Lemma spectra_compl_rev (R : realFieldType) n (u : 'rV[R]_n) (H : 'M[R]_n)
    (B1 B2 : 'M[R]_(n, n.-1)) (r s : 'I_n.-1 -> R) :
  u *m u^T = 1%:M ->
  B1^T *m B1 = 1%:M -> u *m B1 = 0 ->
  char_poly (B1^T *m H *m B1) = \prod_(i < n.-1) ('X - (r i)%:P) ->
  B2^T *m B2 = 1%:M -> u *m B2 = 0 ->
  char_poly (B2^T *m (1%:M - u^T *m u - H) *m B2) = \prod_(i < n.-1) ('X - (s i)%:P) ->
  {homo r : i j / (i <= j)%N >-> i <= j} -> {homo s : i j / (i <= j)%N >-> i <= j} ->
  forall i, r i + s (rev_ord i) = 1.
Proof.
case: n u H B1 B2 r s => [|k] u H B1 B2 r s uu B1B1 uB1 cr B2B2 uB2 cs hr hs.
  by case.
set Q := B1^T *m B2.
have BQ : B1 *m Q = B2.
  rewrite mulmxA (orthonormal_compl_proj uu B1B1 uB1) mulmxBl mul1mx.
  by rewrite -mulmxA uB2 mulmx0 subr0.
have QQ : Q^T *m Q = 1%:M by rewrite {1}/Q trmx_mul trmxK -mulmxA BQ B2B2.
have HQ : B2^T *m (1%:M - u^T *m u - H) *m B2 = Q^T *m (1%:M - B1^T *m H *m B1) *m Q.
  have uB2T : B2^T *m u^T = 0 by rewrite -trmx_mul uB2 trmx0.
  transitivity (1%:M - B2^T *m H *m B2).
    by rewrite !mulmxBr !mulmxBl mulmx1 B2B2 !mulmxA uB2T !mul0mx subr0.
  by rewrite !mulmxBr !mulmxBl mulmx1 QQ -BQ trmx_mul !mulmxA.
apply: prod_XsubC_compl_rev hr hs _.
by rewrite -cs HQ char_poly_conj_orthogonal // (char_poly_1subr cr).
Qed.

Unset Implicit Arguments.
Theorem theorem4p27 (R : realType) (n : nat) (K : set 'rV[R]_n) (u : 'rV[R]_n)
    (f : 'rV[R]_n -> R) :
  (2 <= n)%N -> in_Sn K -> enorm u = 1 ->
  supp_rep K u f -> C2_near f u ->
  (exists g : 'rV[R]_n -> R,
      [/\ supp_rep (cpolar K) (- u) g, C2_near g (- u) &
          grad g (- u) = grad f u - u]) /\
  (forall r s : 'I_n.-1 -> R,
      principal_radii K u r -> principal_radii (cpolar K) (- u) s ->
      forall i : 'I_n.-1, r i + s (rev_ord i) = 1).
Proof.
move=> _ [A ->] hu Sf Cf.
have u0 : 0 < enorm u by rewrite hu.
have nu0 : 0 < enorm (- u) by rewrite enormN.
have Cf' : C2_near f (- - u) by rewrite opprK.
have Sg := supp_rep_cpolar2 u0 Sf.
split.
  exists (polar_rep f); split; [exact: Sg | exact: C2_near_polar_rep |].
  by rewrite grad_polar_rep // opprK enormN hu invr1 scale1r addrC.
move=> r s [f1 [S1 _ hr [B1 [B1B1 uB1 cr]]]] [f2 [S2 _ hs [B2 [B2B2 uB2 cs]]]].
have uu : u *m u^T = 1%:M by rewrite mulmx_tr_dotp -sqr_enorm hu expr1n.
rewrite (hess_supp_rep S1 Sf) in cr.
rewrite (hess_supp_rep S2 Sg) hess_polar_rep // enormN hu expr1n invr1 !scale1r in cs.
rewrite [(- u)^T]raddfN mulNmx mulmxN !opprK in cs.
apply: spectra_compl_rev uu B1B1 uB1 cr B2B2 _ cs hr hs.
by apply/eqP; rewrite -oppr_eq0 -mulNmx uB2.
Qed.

----

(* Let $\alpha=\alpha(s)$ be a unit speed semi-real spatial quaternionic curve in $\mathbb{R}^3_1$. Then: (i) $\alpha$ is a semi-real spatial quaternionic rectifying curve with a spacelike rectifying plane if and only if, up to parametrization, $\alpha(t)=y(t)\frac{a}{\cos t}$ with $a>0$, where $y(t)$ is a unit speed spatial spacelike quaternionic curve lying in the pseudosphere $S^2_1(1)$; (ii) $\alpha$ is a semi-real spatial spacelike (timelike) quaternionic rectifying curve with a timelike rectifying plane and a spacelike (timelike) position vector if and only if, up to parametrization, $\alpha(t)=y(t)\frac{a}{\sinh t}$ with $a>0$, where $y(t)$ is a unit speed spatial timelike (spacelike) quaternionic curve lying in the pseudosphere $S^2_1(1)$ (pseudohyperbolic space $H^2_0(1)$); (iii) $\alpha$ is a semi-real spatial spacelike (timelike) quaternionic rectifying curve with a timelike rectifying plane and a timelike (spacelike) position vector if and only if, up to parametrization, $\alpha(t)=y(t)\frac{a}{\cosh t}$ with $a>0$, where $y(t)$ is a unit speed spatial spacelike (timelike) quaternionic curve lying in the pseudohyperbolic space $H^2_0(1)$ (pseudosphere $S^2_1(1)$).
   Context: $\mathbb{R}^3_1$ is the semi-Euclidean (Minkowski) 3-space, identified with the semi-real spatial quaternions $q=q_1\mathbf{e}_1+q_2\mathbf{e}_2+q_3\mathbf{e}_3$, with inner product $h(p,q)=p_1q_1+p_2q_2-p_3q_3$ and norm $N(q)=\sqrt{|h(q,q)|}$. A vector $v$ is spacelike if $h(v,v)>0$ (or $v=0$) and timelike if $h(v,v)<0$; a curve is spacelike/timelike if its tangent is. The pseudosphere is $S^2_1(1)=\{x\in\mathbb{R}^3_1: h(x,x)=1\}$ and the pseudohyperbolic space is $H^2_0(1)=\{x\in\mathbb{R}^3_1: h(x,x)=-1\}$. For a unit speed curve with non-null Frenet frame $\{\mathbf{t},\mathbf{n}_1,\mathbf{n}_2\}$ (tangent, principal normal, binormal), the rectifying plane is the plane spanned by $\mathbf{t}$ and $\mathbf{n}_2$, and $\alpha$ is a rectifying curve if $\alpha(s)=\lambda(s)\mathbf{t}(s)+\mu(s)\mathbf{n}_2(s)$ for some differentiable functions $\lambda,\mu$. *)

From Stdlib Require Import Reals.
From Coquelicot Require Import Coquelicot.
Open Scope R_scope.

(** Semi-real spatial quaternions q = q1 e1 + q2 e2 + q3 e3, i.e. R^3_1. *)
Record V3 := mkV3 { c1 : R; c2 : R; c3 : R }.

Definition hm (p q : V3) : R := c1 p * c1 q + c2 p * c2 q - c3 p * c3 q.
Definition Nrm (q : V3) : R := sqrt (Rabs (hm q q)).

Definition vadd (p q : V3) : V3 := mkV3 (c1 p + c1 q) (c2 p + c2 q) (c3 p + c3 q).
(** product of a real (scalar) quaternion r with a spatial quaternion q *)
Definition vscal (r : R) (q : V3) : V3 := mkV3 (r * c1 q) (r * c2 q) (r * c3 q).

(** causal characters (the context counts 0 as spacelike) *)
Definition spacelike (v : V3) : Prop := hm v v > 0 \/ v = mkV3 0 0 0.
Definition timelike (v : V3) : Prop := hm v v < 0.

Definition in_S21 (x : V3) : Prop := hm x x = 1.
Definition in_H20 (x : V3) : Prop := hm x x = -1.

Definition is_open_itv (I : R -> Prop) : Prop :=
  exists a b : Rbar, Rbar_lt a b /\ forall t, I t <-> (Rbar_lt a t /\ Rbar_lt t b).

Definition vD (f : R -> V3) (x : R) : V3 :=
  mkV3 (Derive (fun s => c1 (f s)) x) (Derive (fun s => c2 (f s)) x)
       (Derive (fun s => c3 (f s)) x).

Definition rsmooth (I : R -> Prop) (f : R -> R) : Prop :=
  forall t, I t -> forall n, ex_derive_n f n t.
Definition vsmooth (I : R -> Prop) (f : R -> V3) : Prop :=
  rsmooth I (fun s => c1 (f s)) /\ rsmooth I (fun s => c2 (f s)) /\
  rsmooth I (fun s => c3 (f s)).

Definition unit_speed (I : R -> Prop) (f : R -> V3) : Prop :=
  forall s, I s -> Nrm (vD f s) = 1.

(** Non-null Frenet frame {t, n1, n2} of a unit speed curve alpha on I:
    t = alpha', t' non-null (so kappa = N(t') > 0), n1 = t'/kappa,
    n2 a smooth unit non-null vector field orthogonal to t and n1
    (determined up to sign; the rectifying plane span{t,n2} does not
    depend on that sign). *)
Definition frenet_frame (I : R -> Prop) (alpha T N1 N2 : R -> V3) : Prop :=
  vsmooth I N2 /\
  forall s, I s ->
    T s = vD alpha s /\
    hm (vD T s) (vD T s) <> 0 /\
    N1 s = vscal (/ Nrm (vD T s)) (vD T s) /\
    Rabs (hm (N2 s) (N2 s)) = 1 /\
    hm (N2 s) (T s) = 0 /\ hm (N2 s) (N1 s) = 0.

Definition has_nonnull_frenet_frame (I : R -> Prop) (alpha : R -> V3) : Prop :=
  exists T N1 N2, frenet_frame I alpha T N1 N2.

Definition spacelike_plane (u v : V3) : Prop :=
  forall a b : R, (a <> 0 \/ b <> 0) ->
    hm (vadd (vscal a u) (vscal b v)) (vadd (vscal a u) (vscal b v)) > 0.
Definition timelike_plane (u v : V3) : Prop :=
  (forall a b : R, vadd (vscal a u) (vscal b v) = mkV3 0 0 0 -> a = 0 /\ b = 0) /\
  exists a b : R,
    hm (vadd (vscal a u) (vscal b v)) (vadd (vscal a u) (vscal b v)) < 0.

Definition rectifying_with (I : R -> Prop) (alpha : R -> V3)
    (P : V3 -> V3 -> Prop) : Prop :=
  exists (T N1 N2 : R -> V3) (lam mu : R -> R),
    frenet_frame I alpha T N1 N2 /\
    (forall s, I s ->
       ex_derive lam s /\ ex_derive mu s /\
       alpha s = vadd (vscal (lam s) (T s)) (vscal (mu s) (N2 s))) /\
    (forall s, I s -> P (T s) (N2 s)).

----

#### [AIM OF THE TASK]
From the line containing "Lemma spectra_compl_rev (R" down to the line containing "move=> _ [A ->] hu Sf Cf." in the material above, reproduce every line exactly, including the two end lines.

#### [SOLUTION TO THIS TASK]
Lemma spectra_compl_rev (R : realFieldType) n (u : 'rV[R]_n) (H : 'M[R]_n)
    (B1 B2 : 'M[R]_(n, n.-1)) (r s : 'I_n.-1 -> R) :
  u *m u^T = 1%:M ->
  B1^T *m B1 = 1%:M -> u *m B1 = 0 ->
  char_poly (B1^T *m H *m B1) = \prod_(i < n.-1) ('X - (r i)%:P) ->
  B2^T *m B2 = 1%:M -> u *m B2 = 0 ->
  char_poly (B2^T *m (1%:M - u^T *m u - H) *m B2) = \prod_(i < n.-1) ('X - (s i)%:P) ->
  {homo r : i j / (i <= j)%N >-> i <= j} -> {homo s : i j / (i <= j)%N >-> i <= j} ->
  forall i, r i + s (rev_ord i) = 1.
Proof.
case: n u H B1 B2 r s => [|k] u H B1 B2 r s uu B1B1 uB1 cr B2B2 uB2 cs hr hs.
  by case.
set Q := B1^T *m B2.
have BQ : B1 *m Q = B2.
  rewrite mulmxA (orthonormal_compl_proj uu B1B1 uB1) mulmxBl mul1mx.
  by rewrite -mulmxA uB2 mulmx0 subr0.
have QQ : Q^T *m Q = 1%:M by rewrite {1}/Q trmx_mul trmxK -mulmxA BQ B2B2.
have HQ : B2^T *m (1%:M - u^T *m u - H) *m B2 = Q^T *m (1%:M - B1^T *m H *m B1) *m Q.
  have uB2T : B2^T *m u^T = 0 by rewrite -trmx_mul uB2 trmx0.
  transitivity (1%:M - B2^T *m H *m B2).
    by rewrite !mulmxBr !mulmxBl mulmx1 B2B2 !mulmxA uB2T !mul0mx subr0.
  by rewrite !mulmxBr !mulmxBl mulmx1 QQ -BQ trmx_mul !mulmxA.
apply: prod_XsubC_compl_rev hr hs _.
by rewrite -cs HQ char_poly_conj_orthogonal // (char_poly_1subr cr).
Qed.

Unset Implicit Arguments.
Theorem theorem4p27 (R : realType) (n : nat) (K : set 'rV[R]_n) (u : 'rV[R]_n)
    (f : 'rV[R]_n -> R) :
  (2 <= n)%N -> in_Sn K -> enorm u = 1 ->
  supp_rep K u f -> C2_near f u ->
  (exists g : 'rV[R]_n -> R,
      [/\ supp_rep (cpolar K) (- u) g, C2_near g (- u) &
          grad g (- u) = grad f u - u]) /\
  (forall r s : 'I_n.-1 -> R,
      principal_radii K u r -> principal_radii (cpolar K) (- u) s ->
      forall i : 'I_n.-1, r i + s (rev_ord i) = 1).
Proof.
move=> _ [A ->] hu Sf Cf.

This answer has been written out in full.